Request access 🤗 Datasets Read the paper

Summary

OSCAR 22.01 is document-oriented, which means that rather than extracting lines and sorting them in language subcorpora, we identify documents as a whole. The main differences are that sentences in a document are contiguous and should make sense one after another, but sentences are not guaranteed to be of the subcorpus' language.

Note

As an example, the English Wikipedia page about La Marseillaise contains sentences in French (The anthem's lyrics). In line-oriented corpora, these sentences would have been put in the French subcorpus. In OSCAR 22.01, they should be along with the article, in a document classified as English.

Layout

As previous corpora, there is one subcorpus per language, plus one new subcorpus for multilingual documents. Subcorpora are distributed in JSONLines, split into 1GB chunks, then gzipped.

Note

Splits are completely independent and self-contained: It is possible to only download en_meta_134.jsonl.gz and to do processing on it.

Example document

{
  "content":"newline\nseparaaaaaaaaaaated\ncontent", // (1)
  "warc_headers":{ // (2) 
    "warc-refers-to":"<urn:uuid:83f2e1d4-5ed3-41db-86ff-f7826c4c20f9>", 
    "warc-date":"2021-09-16T11:07:14Z",
    "warc-block-digest":"sha1:X3OWP47FG2O5LBNMFSNB44FJF2SSRC26",
    "warc-type":"conversion",
    "warc-identified-content-language":"eng",
    "content-length":"1694",
    "warc-target-uri":"https://foo.bar",
    "warc-record-id":"<urn:uuid:3304bc27-17d0-4ffd-a692-340381478a5f>",
    "content-type":"text/plain"
  },
  "metadata":{
    // (3)
    "identification":{
      "label":"en",
      "prob":0.6268374
    },

    // (4)
    "annotation":[
      "short_sentences",
      "footer"
    ],

    // (5)
    "sentence_identifications":[
      {
        "label":"en",
        "prob":0.93925816
      },
      null,
      {
        "label":"en",
        "prob":0.9606543
      }
    ]
  }
}
  1. Content. Lines are separated by \n.
  2. Headers from the crawler. Note that nothing is changed, so the content length may be incorrect.
  3. Document-wide identification. prob is the weighted average of the confidence of identified lines.
  4. Annotations of the document. null if no annotation.
  5. Line-by-line identifications. null for each line that has no identification.

Annotations

  • tiny: The document has a low (<5) number of lines.
  • short_sentences: The document has a high number (>50%) of short lines (<400 bytes)
  • header: The document has a high number of short lines at its head, suggesting the presence of low quality content.
  • footer: The document has a high number of short lines at its tail, suggesting the presence of low quality content.
  • noisy: The document has a high percentage of punctuation (>50%)
  • adult: The document contains adult content. This annotation uses a blocklist and labels a tiny part of the corpus: It does not catch most of the adult content.

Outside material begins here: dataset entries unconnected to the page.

(* Let $\Omega\subset\mathbb{R}^2$ be open, $\lambda>0$, and let $u\in L^2(\Omega)$ satisfy $-\Delta u=\lambda u$ in $\Omega$. Let $\mathbf{x}_0\in\Omega$, $h>0$, $\alpha\in(0,1)$, and let $\mathbf{e}^-,\mathbf{e}^+$ be unit vectors with angle $\alpha\pi$ from $\mathbf{e}^-$ to $\mathbf{e}^+$; put $\Gamma^\pm=\{\mathbf{x}_0+t\mathbf{e}^\pm:0\le t\le h\}\subset\Omega$. Suppose $u=0$ on $\Gamma^+\cup\Gamma^-$ (both are nodal lines). Let $n\in\mathbb{N}$, $n\ge3$. If $\alpha\neq q/p$ for all integers $1\le q<p\le n-1$, then $u$ vanishes up to the order $n$ at $\mathbf{x}_0$, i.e. all partial derivatives of $u$ of order at most $n-1$ vanish at $\mathbf{x}_0$.
   Context: No boundary condition is imposed on $\partial\Omega$; $u$ is real-analytic in $\Omega$. ''Vanishes up to order $n$'' means every homogeneous term of degree $<n$ in the Taylor expansion of $u$ at $\mathbf{x}_0$ vanishes. *)

From HB Require Import structures.
From mathcomp Require Import all_boot all_order all_algebra.
From mathcomp Require Import all_classical all_reals all_analysis.
Set Implicit Arguments. Unset Strict Implicit. Unset Printing Implicit Defensive.
Import Order.TTheory GRing.Theory Num.Theory numFieldNormedType.Exports.
Local Open Scope classical_set_scope.
Local Open Scope ring_scope.

Definition pdx {R : realType} (f : R * R -> R) : R * R -> R :=
  fun p => derive1 (fun t : R => f (t, p.2)) p.1.
Definition pdy {R : realType} (f : R * R -> R) : R * R -> R :=
  fun p => derive1 (fun t : R => f (p.1, t)) p.2.

(* iterated partial derivative along the list of directions s
   (true = d/dx1, false = d/dx2); its order is size s *)
Definition pderiv {R : realType} (s : seq bool) (f : R * R -> R) : R * R -> R :=
  foldr (fun b g => if b then pdx g else pdy g) f s.

Definition smooth_on {R : realType} (O : set (R * R)) (f : R * R -> R) : Prop :=
  forall s : seq bool,
    forall p, O p ->
      {for p, continuous (pderiv s f)} /\
      derivable (fun t : R => pderiv s f (t, p.2)) p.1 1 /\
      derivable (fun t : R => pderiv s f (p.1, t)) p.2 1.

Definition laplacian {R : realType} (f : R * R -> R) : R * R -> R :=
  fun p => pdx (pdx f) p + pdy (pdy f) p.

Definition L2_on {R : realType} (O : set (R * R)) (u : R * R -> R) : Prop :=
  ((@lebesgue_measure R) \x (@lebesgue_measure R))%E.-integrable O
     (fun p => ((u p) ^+ 2)%:E).

Definition segment {R : realType} (x0 e : R * R) (h : R) : set (R * R) :=
  [set x | exists t : R, 0 <= t <= h /\ x = (x0.1 + t * e.1, x0.2 + t * e.2)].

From HB Require Import structures.
From mathcomp Require Import all_boot all_order all_algebra.
From mathcomp Require Import all_classical all_reals all_analysis.
From mathcomp Require Import ring lra zify.
Set Implicit Arguments. Unset Strict Implicit. Unset Printing Implicit Defensive.
Import Order.TTheory GRing.Theory Num.Theory numFieldNormedType.Exports.
Local Open Scope classical_set_scope.
Local Open Scope ring_scope.

(* Induction on the order K.  Let all
   derivatives of order < K vanish at x0, and put a_j = dx^j dy^(K-j) u (x0).
   Since u vanishes on a segment x0 + t e, so does every directional derivative
   (e.grad)^K u along it (a mean value argument), hence also at x0.  Mixed
   partials commute, and differentiating the Helmholtz equation K - 2 times gives
   a_(j+2) = - a_j - lambda * 0, so a_j = a_0 cos (j pi/2) + a_1 sin (j pi/2) and
   (e.grad)^K u (x0) = a_0 cos (K (pi/2 - phi)) + a_1 sin (K (pi/2 - phi)) for
   e = (cos phi, sin phi).  The two nodal directions give a 2x2 linear system in
   a_0, a_1 whose determinant is +- sin (K alpha pi), nonzero as K alpha is not
   an integer; hence a_0 = a_1 = 0 and all derivatives of order K vanish. *)

Section Derivatives.
Variable R : realType.

Lemma MVT_centered (f df : R -> R) (x d : R) :
  (forall y, `|y - x| <= `|d| -> is_derive y 1 f (df y)) ->
  exists2 c, `|c - x| <= `|d| & f (x + d) - f x = d * df c.
Proof.
move=> fd.
have MVT_in a b : a <= b -> `|a - x| <= `|d| -> `|b - x| <= `|d| ->
    exists2 c, `|c - x| <= `|d| & f b - f a = (b - a) * df c.
  move=> ab; rewrite !ler_norml => /andP[a1 a2] /andP[b1 b2].
  have between y : a <= y <= b -> `|y - x| <= `|d|.
    by move=> /andP[ay yb]; rewrite ler_norml; apply/andP; split; lra.
  have fd_ab y : y \in `]a, b[ -> is_derive y 1 f (df y).
    by move=> /[!in_itv]/= /andP[ay yb]; apply: fd; rewrite between ?ltW ?ay.
  have fc_ab : {within `[a, b], continuous f}.
    apply: derivable_within_continuous => y /[!in_itv]/= aby.
    by have [] := fd y (between y aby).
  have [c /[!in_itv]/= cab ->] := MVT_segment ab fd_ab fc_ab.
  by exists c; rewrite ?between // mulrC.
have dd : `|x + d - x| <= `|d| by rewrite addrC addKr.
have xx : `|x - x| <= `|d| by rewrite subrr normr0.
case: (leP 0 d) => d0.
  have [|c cx ->] := MVT_in x (x + d) _ xx dd; first lra.
  by exists c; rewrite // addrC addKr.
have [|c cx E] := MVT_in (x + d) x _ dd xx; first lra.
by exists c => //; rewrite -opprB E; ring.
Qed.

Lemma MVT_staircase (g gx gy : R * R -> R) (x y a b : R) :
  (forall s t, `|s - x| <= `|a| -> `|t - y| <= `|b| ->
     is_derive s 1 (fun s => g (s, t)) (gx (s, t)) /\
     is_derive t 1 (fun t => g (s, t)) (gy (s, t))) ->
  exists2 c : R * R, `|c.1 - x| <= `|a| /\ `|c.2 - y| <= `|b| &
    g (x + a, y + b) - g (x, y) = a * gx (c.1, y + b) + b * gy (x, c.2).
Proof.
move=> gd.
have yb : `|y + b - y| <= `|b| by rewrite addrC addKr.
have xx : `|x - x| <= `|a| by rewrite subrr normr0.
have [c1 c1x E1] := MVT_centered (fun s sx => (gd s _ sx yb).1).
have [c2 c2y E2] := MVT_centered (fun t ty => (gd x t xx ty).2).
by exists (c1, c2) => //; rewrite -E1 -E2; ring.
Qed.

Lemma MVT_second_difference (g gs gst : R -> R -> R) (x y h : R) :
  (forall s t, `|s - x| <= `|h| -> `|t - y| <= `|h| ->
     is_derive s 1 (g^~ t) (gs s t) /\ is_derive t 1 (gs s) (gst s t)) ->
  exists2 c : R * R, `|c.1 - x| <= `|h| /\ `|c.2 - y| <= `|h| &
    g (x + h) (y + h) - g (x + h) y - g x (y + h) + g x y = h ^+ 2 * gst c.1 c.2.
Proof.
move=> gd.
have yh : `|y + h - y| <= `|h| by rewrite addrC addKr.
have yy : `|y - y| <= `|h| by rewrite subrr normr0.
have [c1 c1x E1] := @MVT_centered (fun s => g s (y + h) - g s y)
  (fun s => gs s (y + h) - gs s y) x h
  (fun s sx => is_deriveB (gd s _ sx yh).1 (gd s _ sx yy).1).
have [c2 c2y E2] := MVT_centered (fun t ty => (gd c1 t c1x ty).2).
exists (c1, c2) => //=; move: E1 => /= E1.
by rewrite expr2 -mulrA -E2 -E1; ring.
Qed.

Lemma is_derive_sum (I : Type) (r : seq I) (F : I -> R -> R) (dF : I -> R) (t : R) :
  (forall i, is_derive t 1 (F i) (dF i)) ->
  is_derive t 1 (fun s => \sum_(i <- r) F i s) (\sum_(i <- r) dF i).
Proof.
move=> Fd; elim: r => [|i r IH].
  have -> : (fun s => \sum_(i <- [::]) F i s) = cst 0.
    by apply/funext => s; rewrite big_nil.
  by rewrite big_nil; exact: is_derive_cst.
have -> : (fun s => \sum_(j <- i :: r) F j s) = F i + (fun s => \sum_(j <- r) F j s).
  by apply/funext => s; rewrite big_cons.
by rewrite big_cons; exact: is_deriveD.
Qed.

More information about the thresholds and annotators are present in our paper.

Filtering

Tip

Filtering can be done using oscar-tools, a high performance toolkit that provides rapid and efficient ways of transforming corpora into what you need. More info here.

Filtering can be done using classic Python tools, such as ujson. While we don't supply a Python library enabling easy filtering/transformation for OSCAR 22.01, we provide some filtering examples that you can change to better suit your needs.

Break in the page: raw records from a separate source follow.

(* Prepending [2a-1; a] adds [a - 1] to a gain in [0, 1); prepending
   [2a-1; 2a] on top of that subtracts [1] again.  Hence [gain (gadget K)] is
   the fractional part of [K (a - 1)]. *)
Definition gadget_step (l : list R) : list R :=
  if Rle_dec 1 (gain l + (a - 1)) then [2*a-1; 2*a; 2*a-1; a] ++ l else [2*a-1; a] ++ l.

Definition gadget (K : nat) : list R := Nat.iter K gadget_step [].

Lemma gain_gadget_frac K :
  0 <= gain (gadget K) < 1 /\ exists b : nat, gain (gadget K) = INR K * (a - 1) - INR b.
Proof.
  induction K as [|K [Hc [b Hb]]].
  - simpl. split; [lra|]. exists 0%nat. simpl. lra.
  - change (gadget (S K)) with (gadget_step (gadget K)). unfold gadget_step.
    set (c := gain (gadget K)) in *. rewrite S_INR.
    destruct (Rle_dec 1 (c + (a - 1))).
    + split; [|exists (S b); rewrite S_INR]; simpl; fold c;
        unfold Rmax; repeat destruct Rle_dec; lra.
    + split; [|exists b]; simpl; fold c; unfold Rmax; repeat destruct Rle_dec; lra.
Qed.

Lemma gain_gadget K (x : R) (z : Z) :
  0 <= x < 1 -> x = INR K * (a - 1) - IZR z -> gain (gadget K) = x.
Proof.
  intros Hx Hz. destruct (gain_gadget_frac K) as [Hc [b Hb]].
  assert (Hint : gain (gadget K) - x = IZR (z - Z.of_nat b)).
  { rewrite minus_IZR, <- INR_IZR_INZ. lra. }
  assert (-1 < IZR (z - Z.of_nat b) < 1) as [Hlo Hhi] by lra.
  apply lt_IZR in Hlo, Hhi.
  replace (z - Z.of_nat b)%Z with 0%Z in Hint by lia. simpl in Hint. lra.
Qed.

Lemma gadget_weights K : Forall (fun x => x = a \/ x = 2 * a \/ x = 2 * a - 1) (gadget K).
Proof.
  induction K as [|K IH]; [constructor|].
  change (gadget (S K)) with (gadget_step (gadget K)). unfold gadget_step.
  destruct Rle_dec; repeat constructor; auto; lra.
Qed.

End Gadget.


Definition disjoint_edges (e f : nat * nat) : Prop :=
  fst e <> fst f /\ fst e <> snd f /\ snd e <> fst f /\ snd e <> snd f.

Lemma disjoint_edges_sym e f : disjoint_edges e f -> disjoint_edges f e.
Proof. unfold disjoint_edges. intuition. Qed.

Section Improvement.

Variable adj : nat -> nat -> Prop.
Variable w : nat -> nat -> R.

Lemma is_matching_sub (A B : edge_set) :
  (forall e, A e -> B e) -> is_matching adj B -> is_matching adj A.
Proof. intros HAB [HB1 HB2]. split; auto. Qed.

Lemma is_matching_union (A B : edge_set) :
  is_matching adj A -> is_matching adj B ->
  (forall e f, A e -> B f -> disjoint_edges e f) ->
  is_matching adj (fun e => A e \/ B e).
Proof.
  intros [HA1 HA2] [HB1 HB2] HAB. split.
  - intros e [h|h]; auto.
  - intros e f [he|he] [hf|hf] nef.
    + exact (HA2 e f he hf nef).
    + exact (HAB e f he hf).
    + exact (disjoint_edges_sym _ _ (HAB f e hf he)).
    + exact (HB2 e f he hf nef).
Qed.

Definition weight_on (U : list (nat * nat)) (P : edge_set) : R :=
  fold_right (fun e acc => indicator (P e) * w (fst e) (snd e) + acc) 0 U.

Definition list_weight (l : list (nat * nat)) : R :=
  fold_right (fun e acc => w (fst e) (snd e) + acc) 0 l.

Lemma list_weight_filter U P :
  list_weight (filter (fun e => truth (P e)) U) = weight_on U P.
Proof.
  unfold list_weight, weight_on. induction U as [|e U IH]; simpl; [reflexivity|].
  replace (indicator (P e)) with (if truth (P e) then 1 else 0)
    by (unfold truth, indicator; now destruct excluded_middle_informative).
  destruct (truth (P e)); simpl; rewrite IH; lra.
Qed.

Lemma weight_on_cons e U P :
  weight_on (e :: U) P = indicator (P e) * w (fst e) (snd e) + weight_on U P.
Proof. reflexivity. Qed.

Lemma weight_on_app U1 U2 P : weight_on (U1 ++ U2) P = weight_on U1 P + weight_on U2 P.
Proof. induction U1 as [|e U1 IH]; simpl; [lra|]. unfold weight_on in *. rewrite IH. lra. Qed.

Getting documents that come from Wikipedia only

Using filters on warc_headers.warc-target-uri makes filtering on URLs easy.

TODO

Extracting lines from non-annotated documents

Non-annotated documents are suspected to be cleaner than annotated ones, so extracting their content should be interesting to do. We extract lines from documents where metadata.annotations == null.

TODO

Getting Alemannic lines from the German corpus

As detailed in our paper, we found that the German corpus has a (relative to the Alemannic corpus size) important amount of Alemannic. We use a filter on metadata.sentence_identifications to extract those sentences.

TODO

Languages

OSCAR 22.01 has subcorpora for 142 languages (counting the Multilingual corpus). The following table exhibits the size, number of documents and number of words for each of them.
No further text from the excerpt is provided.